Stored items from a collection
(* Let $0<\mu\le L$ and $C>0$. Let $f_1,f_2,\dots:\mathbb{R}^d\to\mathbb{R}$ be differentiable functions, each $L$-smooth and $\mu$-strongly convex, whose minimizers $\mathbf{w}^*_t=\arg\min_{\mathbf{w}} f_t(\mathbf{w})$ satisfy $\|\mathbf{w}^*_t\|\le C$ for all $t\ge1$. For each $t\ge1$ let weights $a_1(t),\dots,a_t(t)\in[0,1]$ satisfy $\sum_{i=1}^t a_i(t)=1$, let $F_t(\mathbf{w})=\sum_{i=1}^t a_i(t)f_i(\mathbf{w})$ and $\overline{\mathbf{w}}^*_t=\arg\min_{\mathbf{w}}F_t(\mathbf{w})$. Then for all $t\ge1$, $$\|\overline{\mathbf{w}}^*_t\|^2\le\frac{L}{\mu}C^2.$$
   Context: A function $f$ is $L$-smooth if $\|\nabla f(\mathbf{x})-\nabla f(\mathbf{y})\|\le L\|\mathbf{x}-\mathbf{y}\|$ for all $\mathbf{x},\mathbf{y}$, and $\mu$-strongly convex if $f(\mathbf{y})\ge f(\mathbf{x})+\nabla f(\mathbf{x})^\top(\mathbf{y}-\mathbf{x})+\frac{\mu}{2}\|\mathbf{y}-\mathbf{x}\|^2$ for all $\mathbf{x},\mathbf{y}$. *)

From HB Require Import structures.
From mathcomp Require Import all_boot all_order all_algebra.
From mathcomp Require Import all_classical all_reals all_analysis.
Set Implicit Arguments. Unset Strict Implicit. Unset Printing Implicit Defensive.
Import Order.TTheory GRing.Theory Num.Theory.
Import numFieldNormedType.Exports.
Local Open Scope ring_scope.

Definition dotv (R : realType) (d : nat) (u v : 'rV[R]_d) : R :=
  \sum_(i < d) u 0 i * v 0 i.
Definition enorm (R : realType) (d : nat) (u : 'rV[R]_d) : R :=
  Num.sqrt (dotv u u).

Definition grad (R : realType) (d : nat) (f : 'rV[R]_d -> R) (x : 'rV[R]_d)
  : 'rV[R]_d := \row_(i < d) ('D_(delta_mx 0 i) f x).

Definition differentiable_everywhere (R : realType) (d : nat)
  (f : 'rV[R]_d -> R) : Prop := forall x, differentiable f x.

Definition L_smooth (R : realType) (d : nat) (L : R) (f : 'rV[R]_d -> R) : Prop :=
  forall x y, enorm (grad f x - grad f y) <= L * enorm (x - y).

Definition strongly_convex (R : realType) (d : nat) (mu : R)
  (f : 'rV[R]_d -> R) : Prop :=
  forall x y, f y >= f x + dotv (grad f x) (y - x) + mu / 2 * enorm (y - x) ^+ 2.

Definition is_minimizer (R : realType) (d : nat) (f : 'rV[R]_d -> R)
  (w : 'rV[R]_d) : Prop := forall v, f w <= f v.

(* Let [F] be the weighted average of the [f_i].  Strong convexity survives
   averaging in its chord form, and along the chord from the minimizer [wbar]
   of [F] it gives [F 0 - F wbar >= mu/2 |wbar|^2].  Conversely each [f_i] is
   convex and [L]-smooth with gradient zero at its minimizer [w*_i], whence
   [f_i 0 - f_i wbar <= f_i 0 - f_i w*_i <= L/2 |w*_i|^2 <= L/2 C^2]; averaging
   gives [F 0 - F wbar <= L/2 C^2].
   The bound [f y - f w <= L/2 |y - w|^2] would classically integrate the
   gradient along [[w, y]]; here it is the limit of Riemann sums of gradient
   increments over finer and finer grids. *)

From mathcomp Require Import all_boot all_order all_algebra.
From mathcomp Require Import all_classical all_reals all_analysis.
From mathcomp Require Import ring lra.
Import Order.TTheory GRing.Theory Num.Theory.
Local Open Scope ring_scope.

Section Euclidean.
Context {R : realType} {d : nat}.
Implicit Types (u v w : 'rV[R]_d).

Lemma dotvC u v : dotv u v = dotv v u.
Proof. by apply: eq_bigr => i _; rewrite mulrC. Qed.

Lemma dotvDl u v w : dotv (u + v) w = dotv u w + dotv v w.
Proof. by rewrite /dotv -big_split; apply: eq_bigr => i _; rewrite !mxE mulrDl. Qed.

Lemma dotvZl s u w : dotv (s *: u) w = s * dotv u w.
Proof. by rewrite /dotv mulr_sumr; apply: eq_bigr => i _; rewrite !mxE mulrA. Qed.

Lemma dotv0l w : dotv 0 w = 0.
Proof. by rewrite /dotv big1 // => i _; rewrite mxE mul0r. Qed.

Lemma dotvNl u w : dotv (- u) w = - dotv u w.
Proof. by rewrite -scaleN1r dotvZl mulN1r. Qed.

Lemma dotvBl u v w : dotv (u - v) w = dotv u w - dotv v w.
Proof. by rewrite dotvDl dotvNl. Qed.

Lemma dotvZr s u w : dotv w (s *: u) = s * dotv w u.
Proof. by rewrite dotvC dotvZl dotvC. Qed.

Lemma dotvBr u v w : dotv w (u - v) = dotv w u - dotv w v.
Proof. by rewrite dotvC dotvBl !(dotvC w). Qed.

Lemma dotvv_ge0 u : 0 <= dotv u u.
Proof. by apply: sumr_ge0 => i _; rewrite -expr2 sqr_ge0. Qed.

Lemma dotvv_eq0 u : dotv u u = 0 -> u = 0.
Proof.
move=> uu0; apply/rowP => i; rewrite mxE.
have /eqP : u 0 i * u 0 i = 0.
  by apply: (psumr_eq0P _ uu0) => // j _; rewrite -expr2 sqr_ge0.
by rewrite mulf_eq0 orbb => /eqP.
Qed.

Lemma enorm_ge0 u : 0 <= enorm u.
Proof. exact: sqrtr_ge0. Qed.

Lemma enorm_sqr u : enorm u ^+ 2 = dotv u u.
Proof. by rewrite sqr_sqrtr // dotvv_ge0. Qed.

Lemma enormZ s u : enorm (s *: u) = `|s| * enorm u.
Proof.
by rewrite /enorm dotvZl dotvZr mulrA -expr2 sqrtrM ?sqr_ge0 // sqrtr_sqr.
Qed.

Lemma enorm_eq0 u : (enorm u == 0) = (u == 0).
Proof.
apply/eqP/eqP => [u0|->]; last by rewrite /enorm dotv0l sqrtr0.
by apply: dotvv_eq0; rewrite -enorm_sqr u0 expr0n.
Qed.

Lemma enormN u : enorm (- u) = enorm u.
Proof. by rewrite -scaleN1r enormZ normrN normr1 mul1r. Qed.

Lemma enorm_distC u v : enorm (u - v) = enorm (v - u).
Proof. by rewrite -enormN opprB. Qed.

Lemma dotv_le_enormM u v : dotv u v <= enorm u * enorm v.
Proof.
have [->|u0] := eqVneq u 0; first by rewrite dotv0l mulr_ge0 ?enorm_ge0.
have [->|v0] := eqVneq v 0; first by rewrite dotvC dotv0l mulr_ge0 ?enorm_ge0.
set a := enorm u; set b := enorm v.
have ab_gt0 : 0 < a * b by rewrite mulr_gt0 // lt_def enorm_eq0 ?u0 ?v0 enorm_ge0.
have := dotvv_ge0 (b *: u - a *: v).
rewrite !(dotvBl, dotvBr, dotvZl, dotvZr) (dotvC v u) -!enorm_sqr -/a -/b => expand.
by rewrite -(ler_pM2l ab_gt0); nra.
Qed.

End Euclidean.

Lemma ler_add_divn (R : archiFieldType) (x y c : R) :
  (forall n : nat, (0 < n)%N -> x <= y + c / n%:R) -> x <= y.
Proof.
move=> le_xy; apply/ler_addgt0Pr => e e_gt0.
have [c_le0|c_gt0] := lerP c 0.
  by apply: le_trans (le_xy 1%N isT) _; rewrite divr1 lerD2l (le_trans c_le0) ?ltW.
apply: le_trans (le_xy (Num.trunc (c / e)).+1 isT) _.
rewrite lerD2l ler_pdivrMr ?ltr0n // mulrC -ler_pdivrMr //.
exact/ltW/truncnS_gt.
Qed.

Section WeightedSums.
Context {R : numDomainType} {I : eqType} {r : seq I} {a : I -> R}.

Lemma ler_wsum (g h : I -> R) : (forall i, i \in r -> 0 <= a i) ->
  (forall i, i \in r -> g i <= h i) ->
  \sum_(i <- r) a i * g i <= \sum_(i <- r) a i * h i.
Proof.
move=> a_ge0 le_gh; rewrite big_seq [leRHS]big_seq.
by apply: ler_sum => i ri; rewrite ler_wpM2l ?a_ge0 ?le_gh.
Qed.

Lemma wsum_addr (g : I -> R) c : \sum_(i <- r) a i = 1 ->
  \sum_(i <- r) a i * (g i + c) = \sum_(i <- r) a i * g i + c.
Proof.
by move=> a1; under eq_bigr do rewrite mulrDr; rewrite big_split -mulr_suml a1 mul1r.
Qed.

End WeightedSums.

Definition strongly_convex_chord {R : realType} {d : nat} (mu : R)
    (f : 'rV[R]_d -> R) : Prop :=
  forall x y s, 0 <= s <= 1 ->
    f ((1 - s) *: x + s *: y) + mu / 2 * (s * (1 - s)) * enorm (x - y) ^+ 2
      <= (1 - s) * f x + s * f y.

Section StrongConvexity.
Context {R : realType} {d : nat}.
Implicit Types (mu : R) (f : 'rV[R]_d -> R).

Lemma strongly_convexW [mu nu f] :
  nu <= mu -> strongly_convex mu f -> strongly_convex nu f.
Proof.
move=> le_nu_mu f_sc x y; apply: le_trans (f_sc x y); rewrite lerD2l.
by rewrite ler_wpM2r ?sqr_ge0 ?ler_pM2r.
Qed.

(* The gradient inequalities at [z] towards [x] and towards [y], weighted by
   [1 - s] and [s], have cancelling gradient terms. *)
Lemma strongly_convex_chordP mu f :
  strongly_convex mu f -> strongly_convex_chord mu f.
Proof.
move=> f_sc x y s /andP[s_ge0 s_le1]; set z := (1 - s) *: x + s *: y.
have xz : x - z = s *: (x - y).
  by apply/rowP => i; rewrite !mxE; ring.
have yz : y - z = (- (1 - s)) *: (x - y).
  by apply/rowP => i; rewrite !mxE; ring.
have := f_sc z x; have := f_sc z y.
rewrite xz yz !enormZ normrN !ger0_norm ?subr_ge0 // !dotvZr !exprMn.
set D := enorm _ ^+ 2; set G := dotv _ _ => sc_y sc_x.
have s'_ge0 : 0 <= 1 - s by rewrite subr_ge0.
have := ler_wpM2l s_ge0 sc_y; have := ler_wpM2l s'_ge0 sc_x.
lra.
Qed.

Lemma strongly_convex_chord_wsum (I : eqType) (r : seq I) (a : I -> R) mu
    (f : I -> 'rV[R]_d -> R) :
  (forall i, i \in r -> 0 <= a i) -> \sum_(i <- r) a i = 1 ->
  (forall i, i \in r -> strongly_convex_chord mu (f i)) ->
  strongly_convex_chord mu (fun w => \sum_(i <- r) a i * f i w).
Proof.
move=> a_ge0 a1 f_sc x y s s01; rewrite -wsum_addr //.
have -> : (1 - s) * \sum_(i <- r) a i * f i x + s * \sum_(i <- r) a i * f i y =
    \sum_(i <- r) a i * ((1 - s) * f i x + s * f i y).
  by rewrite !mulr_sumr -big_split; apply: eq_bigr => i _ /=; ring.
by apply: ler_wsum => // i ri; apply: f_sc.
Qed.

(* Minimality at the chord point [(1 - s) w + s y] gives
   [s (f y - f w) >= mu/2 s (1 - s) |y - w|^2]; let [s = 1/n] tend to [0]. *)
Lemma strongly_convex_chord_min_gap mu f w y :
  strongly_convex_chord mu f -> is_minimizer f w ->
  mu / 2 * enorm (y - w) ^+ 2 <= f y - f w.
Proof.
move=> f_sc w_min; set c := mu / 2 * enorm (y - w) ^+ 2.
apply: (@ler_add_divn _ _ _ c) => n n_gt0; set s := (n%:R)^-1.
have s_gt0 : 0 < s by rewrite invr_gt0 ltr0n.
have s_le1 : s <= 1 by rewrite invf_le1 ?ler1n ?ltr0n.
have := f_sc w y s; rewrite s_le1 ltW // enorm_distC => /(_ isT) chord.
have := w_min ((1 - s) *: w + s *: y) => min_le.
by rewrite -(ler_pM2l s_gt0) /c; lra.
Qed.

End StrongConvexity.

Section SmoothConvex.
Context {R : realType} {d : nat} {L : R} {f : 'rV[R]_d -> R}.
Hypotheses (L_gt0 : 0 < L) (f_smooth : L_smooth L f)
  (f_convex : strongly_convex 0 f).

Lemma convex_grad_le x y : f x + dotv (grad f x) (y - x) <= f y.
Proof. by have := f_convex x y; rewrite mul0r mul0r addr0. Qed.

(* At [y = w - g / (2 L)], minimality and convexity give [<grad f y, g> <= 0],
   whereas smoothness keeps [grad f y] within [|g| / 2] of [g]. *)
Lemma grad_eq0_at_min w : is_minimizer f w -> grad f w = 0.
Proof.
move=> w_min; set g := grad f w; set s := (2 * L)^-1; set y := w - s *: g.
have s_gt0 : 0 < s by rewrite invr_gt0 mulr_gt0.
have wy : w - y = s *: g by rewrite /y opprB addrC subrK.
have near_g : enorm (g - grad f y) <= enorm g / 2.
  have := f_smooth w y; rewrite wy enormZ gtr0_norm // mulrA /s.
  by rewrite invfM mulrCA divff ?gt_eqF // mulr1 mulrC.
have descent : dotv (grad f y) g <= 0.
  have := convex_grad_le y w; have := w_min y.
  by rewrite wy dotvZr -(pmulr_rle0 _ s_gt0); lra.
have : dotv g g <= enorm g ^+ 2 / 2.
  have -> : dotv g g = dotv (g - grad f y) g + dotv (grad f y) g.
    by rewrite dotvBl subrK.
  have := dotv_le_enormM (g - grad f y) g.
  have := ler_wpM2r (enorm_ge0 g) near_g.
  by rewrite expr2; lra.
rewrite -enorm_sqr => le_half.
apply/eqP; rewrite -enorm_eq0 -sqrf_eq0 eq_le sqr_ge0 andbT; lra.
Qed.

Lemma min_increment_le w v s h : is_minimizer f w -> 0 <= s -> 0 <= h ->
  f (w + (s + h) *: v) - f (w + s *: v) <= L * (s + h) * h * enorm v ^+ 2.
Proof.
move=> w_min s_ge0 h_ge0; set y := w + (s + h) *: v.
have := convex_grad_le y (w + s *: v).
have -> : w + s *: v - y = (- h) *: v by apply/rowP => i; rewrite !mxE; ring.
rewrite dotvZr => cvx.
have grad_y : enorm (grad f y) <= L * ((s + h) * enorm v).
  have := f_smooth y w; rewrite (grad_eq0_at_min _ w_min) subr0.
  have -> : y - w = (s + h) *: v by rewrite /y addrAC subrr add0r.
  by rewrite enormZ ger0_norm ?addr_ge0.
have := dotv_le_enormM (grad f y) v.
have := ler_wpM2r (enorm_ge0 v) grad_y.
have := enorm_ge0 v; rewrite expr2; nra.
Qed.

Lemma smooth_min_gap w y : is_minimizer f w ->
  f y - f w <= L / 2 * enorm (y - w) ^+ 2.
Proof.
move=> w_min; set v := y - w; set E := enorm v ^+ 2.
have grid h : 0 <= h -> forall k : nat,
    f (w + (k%:R * h) *: v) - f w <= L * h ^+ 2 * E * (k%:R * (k%:R + 1) / 2).
  move=> h_ge0; elim=> [|k IHk].
    by rewrite mul0r scale0r addr0 subrr !mul0r mulr0.
  have := min_increment_le w v _ _ w_min (mulr_ge0 (ler0n _ k) h_ge0) h_ge0.
  rewrite -natr1 mulrDl mul1r -/E; lra.
apply: (@ler_add_divn _ _ _ (L / 2 * E)) => n n_gt0.
have n_neq0 : n%:R != 0 :> R by rewrite pnatr_eq0 -lt0n.
have := grid (n%:R)^-1 _ n; rewrite invr_ge0 ler0n mulfV // scale1r subrKC => /(_ isT).
suff -> : L * (n%:R)^-1 ^+ 2 * E * (n%:R * (n%:R + 1) / 2) =
    L / 2 * E + L / 2 * E / n%:R by [].
by field.
Qed.

End SmoothConvex.

Theorem lemma2 (R : realType) (d : nat) (mu L C : R)
  (f : nat -> 'rV[R]_d -> R) (wstar : nat -> 'rV[R]_d)
  (a : nat -> nat -> R) (wbar : nat -> 'rV[R]_d) :
  0 < mu -> mu <= L -> 0 < C ->
  (forall t, (1 <= t)%N -> differentiable_everywhere (f t)) ->
  (forall t, (1 <= t)%N -> L_smooth L (f t)) ->
  (forall t, (1 <= t)%N -> strongly_convex mu (f t)) ->
  (forall t, (1 <= t)%N -> is_minimizer (f t) (wstar t)) ->
  (forall t, (1 <= t)%N -> enorm (wstar t) <= C) ->
  (forall t i, (1 <= i <= t)%N -> 0 <= a t i <= 1) ->
  (forall t, (1 <= t)%N -> \sum_(1 <= i < t.+1) a t i = 1) ->
  (forall t, (1 <= t)%N ->
     is_minimizer (fun w => \sum_(1 <= i < t.+1) a t i * f i w) (wbar t)) ->
  forall t, (1 <= t)%N -> enorm (wbar t) ^+ 2 <= L / mu * C ^+ 2.
Proof.
move=> mu_gt0 mu_le_L C_gt0 _ f_smooth f_sc wstar_min wstar_le a01 a_sum1
  wbar_min t t_ge1.
have L_gt0 : 0 < L := lt_le_trans mu_gt0 mu_le_L.
have a_ge0 i : i \in index_iota 1 t.+1 -> 0 <= a t i.
  by rewrite mem_index_iota => /a01 /andP[].
have a1 := a_sum1 t t_ge1.
have mem_iota_ge1 i : i \in index_iota 1 t.+1 -> (1 <= i)%N.
  by rewrite mem_index_iota => /andP[].
set F := fun w => \sum_(1 <= i < t.+1) a t i * f i w.
have lower : mu / 2 * enorm (wbar t) ^+ 2 <= F 0 - F (wbar t).
  rewrite -enormN -sub0r; apply: strongly_convex_chord_min_gap (wbar_min t t_ge1).
  apply: strongly_convex_chord_wsum => // i /mem_iota_ge1 i_ge1.
  exact/strongly_convex_chordP/f_sc.
have upper : F 0 <= F (wbar t) + L / 2 * C ^+ 2.
  rewrite /F -wsum_addr //; apply: ler_wsum => // i /mem_iota_ge1 i_ge1.
  have f_convex := strongly_convexW (ltW mu_gt0) (f_sc i i_ge1).
  have := smooth_min_gap L_gt0 (f_smooth i i_ge1) f_convex _ 0 (wstar_min i i_ge1).
  have wstar_sqr : enorm (wstar i) ^+ 2 <= C ^+ 2.
    by apply: lerXn2r; rewrite ?nnegrE ?enorm_ge0 ?(ltW C_gt0) ?wstar_le.
  have := wstar_min i i_ge1 (wbar t).
  rewrite sub0r enormN; nra.
by rewrite mulrAC ler_pdivlMr // mulrC; lra.
Qed.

Task prompt
Look above for the line that contains "move=> w_min s_ge0". Starting there, transcribe every line exactly until you have copied the line that contains "have := dotv_le_enormM (grad f y) v.".

Result of this task
move=> w_min s_ge0 h_ge0; set y := w + (s + h) *: v.
have := convex_grad_le y (w + s *: v).
have -> : w + s *: v - y = (- h) *: v by apply/rowP => i; rewrite !mxE; ring.
rewrite dotvZr => cvx.
have grad_y : enorm (grad f y) <= L * ((s + h) * enorm v).
  have := f_smooth y w; rewrite (grad_eq0_at_min _ w_min) subr0.
  have -> : y - w = (s + h) *: v by rewrite /y addrAC subrr add0r.
  by rewrite enormZ ger0_norm ?addr_ge0.
have := dotv_le_enormM (grad f y) v.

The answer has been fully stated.